(* Let $\Gamma^B$ be either $\Gamma_1^B$ or $\Gamma_2^B$ (as in the context), with the operator $-\Delta=-d^2/dx^2$. Then the first eigenvalue $\lambda_1$ of $-\Delta$ on $\Gamma^B$ is simple. Moreover, if $\ell_1=\ell_2=\ell_3=\ell_4$, then the eigenfunction $\phi$ corresponding to $\lambda_1$ is identical on the four edges $e_1,\dots,e_4$, i.e. $\phi_1\equiv\phi_2\equiv\phi_3\equiv\phi_4$ where $\phi_j=\phi|_{e_j}$ (each edge parametrized from $B$ to $A$), and it is non-zero everywhere except at $B$.
   Context: $\Gamma_1$: two vertices $A,B$ joined by four edges $e_1,\dots,e_4$ of lengths $\ell_1,\dots,\ell_4>0$, with $\delta$-type condition (real coupling constant $\gamma_A$) at $A$. $\Gamma_2$: $\Gamma_1$ plus a vertex $C$ and edge $e_0$ of length $\ell_0>0$ joining $C$ to $A$, with Neumann–Kirchhoff conditions at $A$ and $C$. A $\delta$-type condition with coupling $\gamma_v$ at $v$: $f$ continuous at $v$ and $\sum_{e\ni v}f_e'(v)=\gamma_vf(v)$ (derivatives into the edges); Neumann–Kirchhoff means $\gamma_v=0$. $\Gamma_i^B$ is obtained from $\Gamma_i$ by imposing the Dirichlet condition $f_e(B)=0$ on every edge end at $B$ (which decouples the edge ends at $B$). *)

From Stdlib Require Import Reals List.
From Coquelicot Require Import Coquelicot.
Import ListNotations.
Open Scope R_scope.

Inductive graph_kind := Gamma1 | Gamma2.

(* Edge indices: j = 1..4 are e_1..e_4, parametrized x in [0, l j] from B (x=0)
   to A (x=l j); j = 0 is e_0 (only in Gamma2), parametrized from A (x=0)
   to C (x=l 0). *)
Definition edges (G : graph_kind) : list nat :=
  match G with Gamma1 => [1;2;3;4]%nat | Gamma2 => [0;1;2;3;4]%nat end.

(* Coupling constant at A: gamma_A (delta condition) for Gamma1,
   0 (Neumann-Kirchhoff) for Gamma2. *)
Definition coupling (G : graph_kind) (gA : R) : R :=
  match G with Gamma1 => gA | Gamma2 => 0 end.

(* On one edge of length L: f is twice differentiable (as a function on R, the
   values on [0,L] are what matters; derivatives at the endpoints are the
   one-sided ones of the edge function) and -f'' = lam f on [0,L]. *)
Definition edge_eq (lam L : R) (f : R -> R) : Prop :=
  (forall x, ex_derive f x) /\ (forall x, ex_derive (Derive f) x) /\
  (forall x, 0 <= x <= L -> - Derive (Derive f) x = lam * f x).

Definition is_eigenfunction (G : graph_kind) (l : nat -> R) (gA lam : R)
    (phi : nat -> R -> R) : Prop :=
  (forall j, In j (edges G) -> edge_eq lam (l j) (phi j)) /\
  (forall j, In j [1;2;3;4]%nat -> phi j 0 = 0) /\
  (forall j k, In j [1;2;3;4]%nat -> In k [1;2;3;4]%nat -> phi j (l j) = phi k (l k)) /\
  (match G with
   | Gamma1 =>
       (* delta condition at A, derivatives taken into the edges *)
       - Derive (phi 1%nat) (l 1%nat) - Derive (phi 2%nat) (l 2%nat)
       - Derive (phi 3%nat) (l 3%nat) - Derive (phi 4%nat) (l 4%nat)
         = coupling G gA * phi 1%nat (l 1%nat)
   | Gamma2 =>
       phi 0%nat 0 = phi 1%nat (l 1%nat) /\
       Derive (phi 0%nat) 0
       - Derive (phi 1%nat) (l 1%nat) - Derive (phi 2%nat) (l 2%nat)
       - Derive (phi 3%nat) (l 3%nat) - Derive (phi 4%nat) (l 4%nat)
         = coupling G gA * phi 1%nat (l 1%nat) /\
       (* Kirchhoff at C (degree one vertex): derivative into e_0 vanishes *)
       - Derive (phi 0%nat) (l 0%nat) = 0
   end) /\
  (exists j x, In j (edges G) /\ 0 <= x <= l j /\ phi j x <> 0).

Definition is_eigenvalue (G : graph_kind) (l : nat -> R) (gA lam : R) : Prop :=
  exists phi, is_eigenfunction G l gA lam phi.

Definition is_first_eigenvalue (G : graph_kind) (l : nat -> R) (gA lam : R) : Prop :=
  is_eigenvalue G l gA lam /\ (forall mu, is_eigenvalue G l gA mu -> lam <= mu).

Definition is_simple_eigenvalue (G : graph_kind) (l : nat -> R) (gA lam : R) : Prop :=
  forall phi psi, is_eigenfunction G l gA lam phi -> is_eigenfunction G l gA lam psi ->
    exists c : R, forall j x, In j (edges G) -> 0 <= x <= l j -> psi j x = c * phi j x.

(* On a spoke e_j an eigenfunction has vanishing Wronskian with the solution u of
   -u'' = lam u, u(0) = 0, hence is a multiple of u; on e_0 it is likewise a multiple of the
   solution v with v'(l_0) = 0.  While sqrt lam * l_j < PI (and sqrt lam * l_0 < PI/2), u and v
   are positive on these edges, so phi = phi(A) * P for a fixed positive profile P; this gives
   simplicity, phi_1 = ... = phi_4 for equal lengths, and non-vanishing, since phi(A) <> 0 for a
   nontrivial phi.  That lam_1 is below this threshold follows from exhibiting an eigenvalue
   there: the secular equation gA + sum_j k cot(k l_j) = 0 (Gamma_1), resp.
   sum_j k cot(k l_j) = k tan(k l_0) (Gamma_2), changes sign before its first pole, and when
   gA + sum_j 1/l_j <= 0 on Gamma_1 a non-positive eigenvalue (via k coth, or lam = 0) exists. *)

From Stdlib Require Import Reals Ranalysis5 List Lra FunctionalExtensionality.
From Coquelicot Require Import Coquelicot.
Import ListNotations.
Open Scope R_scope.

(** * The equation -u'' = lam u on an edge *)

Lemma continuity_pt_is_derive (f : R -> R) x d : is_derive f x d -> continuity_pt f x.
Proof.
  intros Hd. apply continuity_pt_filterlim.
  apply (ex_derive_continuous (K := R_AbsRing) (V := R_NormedModule)).
  now exists d.
Qed.

Lemma eq_is_derive_0 (h : R -> R) a b :
  a <= b -> (forall t, a <= t <= b -> is_derive h t 0) -> h a = h b.
Proof.
  intros Hab Hd.
  destruct (MVT_gen h a b (fun _ => 0)) as [c [_ Hc]].
  - intros x Hx. rewrite Rmin_left, Rmax_right in Hx by lra. apply Hd; lra.
  - intros x Hx. rewrite Rmin_left, Rmax_right in Hx by lra.
    apply (continuity_pt_is_derive _ _ 0), Hd; lra.
  - lra.
Qed.

Lemma root_of_sign_change (f : R -> R) a b :
  a < b -> (forall k, a <= k <= b -> ex_derive f k) -> f a * f b < 0 ->
  exists k, a <= k <= b /\ f k = 0.
Proof.
  intros Hab Hd Hs.
  assert (Hc : forall g : R -> R, (forall k, a <= k <= b -> ex_derive g k) ->
             forall k, a <= k <= b -> continuity_pt g k).
  { intros g Hg k Hk. destruct (Hg k Hk) as [d Hgd].
    exact (continuity_pt_is_derive g k d Hgd). }
  destruct (Rlt_or_le (f a) 0) as [Ha|Ha].
  - destruct (IVT_interv f a b (Hc f Hd) Hab Ha ltac:(nra)) as [k Hk]. now exists k.
  - assert (Hopp : forall k, a <= k <= b -> ex_derive (fun x => - f x) k).
    { intros k Hk. exact (ex_derive_opp (V := R_NormedModule) f k (Hd k Hk)). }
    assert (Hb : f b < 0) by nra.
    destruct (IVT_interv (fun x => - f x) a b (Hc _ Hopp) Hab ltac:(cbv beta; nra) ltac:(cbv beta; lra))
      as [k [Hk Hfk]].
    exists k. split; [exact Hk | lra].
Qed.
□ □ □
All lines with the word "assert" should be copied from the material above.

  assert (Hc : forall g : R -> R, (forall k, a <= k <= b -> ex_derive g k) ->
  - assert (Hopp : forall k, a <= k <= b -> ex_derive (fun x => - f x) k).
    assert (Hb : f b < 0) by nra.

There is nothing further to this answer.